Emma Wallis – Published on : 2019/06/26 – By InfoMigrants
Many refugees and asylum seekers can face discrimination, even on arrival in Europe. For members of the LGBTQI+ community, the threat of violence and discrimination can be even more pronounced. That’s why a project in Greece has been working to create a safe place for LGBTQI+ people in the heart of Athens.
“Right here is where my long journey ended,” says Joseph Baruku staring out at the grey winter waves of the Mediterranean on a seaweed strewn Athens shoreline. Joseph is originally from Uganda. He came via Kenya and Egypt to Greece to escape the discrimination he faced at home. However, Europe was not really his target. “I thought Europe was one country,” he explains.

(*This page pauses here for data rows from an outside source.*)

(* Fix $N\ge 1$, a statistic $c$ and a real $\theta>0$, and consider the weighted game of best choice. Let $A$ be the set of positive prefixes that are minimal with respect to prefix containment, i.e. positive prefixes $p$ such that no prefix $p'\neq p$ contained in $p$ is positive. Then every $\pi\in\mathfrak S_N$ is $p$-prefixed for exactly one $p\in A$, and the strategy ''accept candidate $i$ as soon as the current prefix flattening $\pi^{(i)}$ belongs to $A$'' maximizes the probability of winning among all strategies. The maximal winning probability equals $\bar S(1)$, where $1\in\mathfrak S_1$, and also equals $$\frac{\sum_{p\in A} D(p)\,S(p)}{\sum_{\sigma\in\mathfrak S_N}\theta^{c(\sigma)}}.$$
   Context: Permutations of $\{1,\dots,m\}$ are written in one-line notation $\pi=\pi_1\pi_2\cdots\pi_m$; $\mathfrak S_m$ is the set of all of them. An entry $\pi_j$ is a left-to-right maximum of $\pi$ if $\pi_j>\pi_i$ for all $i<j$. A statistic is a function $c:\bigcup_{m=1}^N\mathfrak S_m\to\mathbb Z_{\ge0}$. Fix $N\ge1$, a statistic $c$ and a real $\theta>0$. The weighted game of best choice is played as follows. A permutation $\pi\in\mathfrak S_N$ is chosen with probability $\theta^{c(\pi)}/\sum_{\sigma\in\mathfrak S_N}\theta^{c(\sigma)}$. For $i=1,\dots,N$, the player is shown the $i$-th prefix flattening $\pi^{(i)}$, which is the unique element of $\mathfrak S_i$ with the same relative order as $\pi_1,\dots,\pi_i$. Using only this information (note that $\pi^{(i)}$ determines $\pi^{(1)},\dots,\pi^{(i-1)}$), the player decides whether to accept candidate $i$, which ends the game, or to reject it. If candidates $1,\dots,N-1$ are all rejected, candidate $N$ is accepted. The player wins iff the accepted candidate $i$ has $\pi_i=N$. A strategy is any such decision rule. A prefix is an element of $\bigcup_{m=1}^N\mathfrak S_m$. For $p\in\mathfrak S_m$ and $\pi\in\mathfrak S_N$: - $\pi$ is $p$-prefixed if $\pi^{(m)}=p$; - $\pi$ is $p$-winnable if $\pi$ is $p$-prefixed and $\pi_m=N$. A prefix $r\in\mathfrak S_n$ contains a prefix $p\in\mathfrak S_m$ ($m\le n$) if the $m$-th prefix flattening of $r$ equals $p$. Define: - $D(p)=\sum_{p\text{-prefixed }\pi}\theta^{c(\pi)}$; - the strike probability $S(p)=\big(\sum_{p\text{-winnable }\pi}\theta^{c(\pi)}\big)/D(p)$; - the open probability $S^{c}(p)$: it equals $0$ if $p\in\mathfrak S_N$, and for $p\in\mathfrak S_m$ with $m<N$ it equals $S^{c}(p)=\big(\sum_{q\in\mathfrak S_{m+1},\,q\text{ contains }p}D(q)\bar S(q)\big)/D(p)$; - the closed probability $\bar S(p)=\max(S(p),S^c(p))$. Equivalently, $S^c(p)$ (resp. $\bar S(p)$) is the largest conditional probability of winning, given that $\pi$ is $p$-prefixed, over strategies that reject candidates $1,\dots,m$ (resp. $1,\dots,m-1$). A prefix $p$ is positive if $S(p)\ge S^c(p)$, and negative otherwise. *)

From HB Require Import structures.
From mathcomp Require Import all_boot all_order all_algebra.
Set Implicit Arguments. Unset Strict Implicit. Unset Printing Implicit Defensive.
Import Order.TTheory GRing.Theory Num.Theory.
Local Open Scope ring_scope.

In Kenya, Joseph experienced similar prejudices towards gay people that he had faced in Uganda, and so he went to Egypt. There, it seems it was a chance meeting with a group of Eritreans which led him to Europe via a container ship to Turkey, he thinks, although he’s hazy on the details of his journey. “I had to cross this deadly sea which has claimed so many people,” he says quietly looking down at the debris gathered on the beach, children’s shoes, rubber boots, lifejackets and old tyres.
Joseph is speaking in a video for his project in Athens, “Athens Housing Collective”, which is a collaboration between him and Safe Place International, a US registered non-profit organization which “seeks to empower refugees, immigrants, single mothers, LGBT+ and other marginalized communities develop and implement projects which benefit their communities.”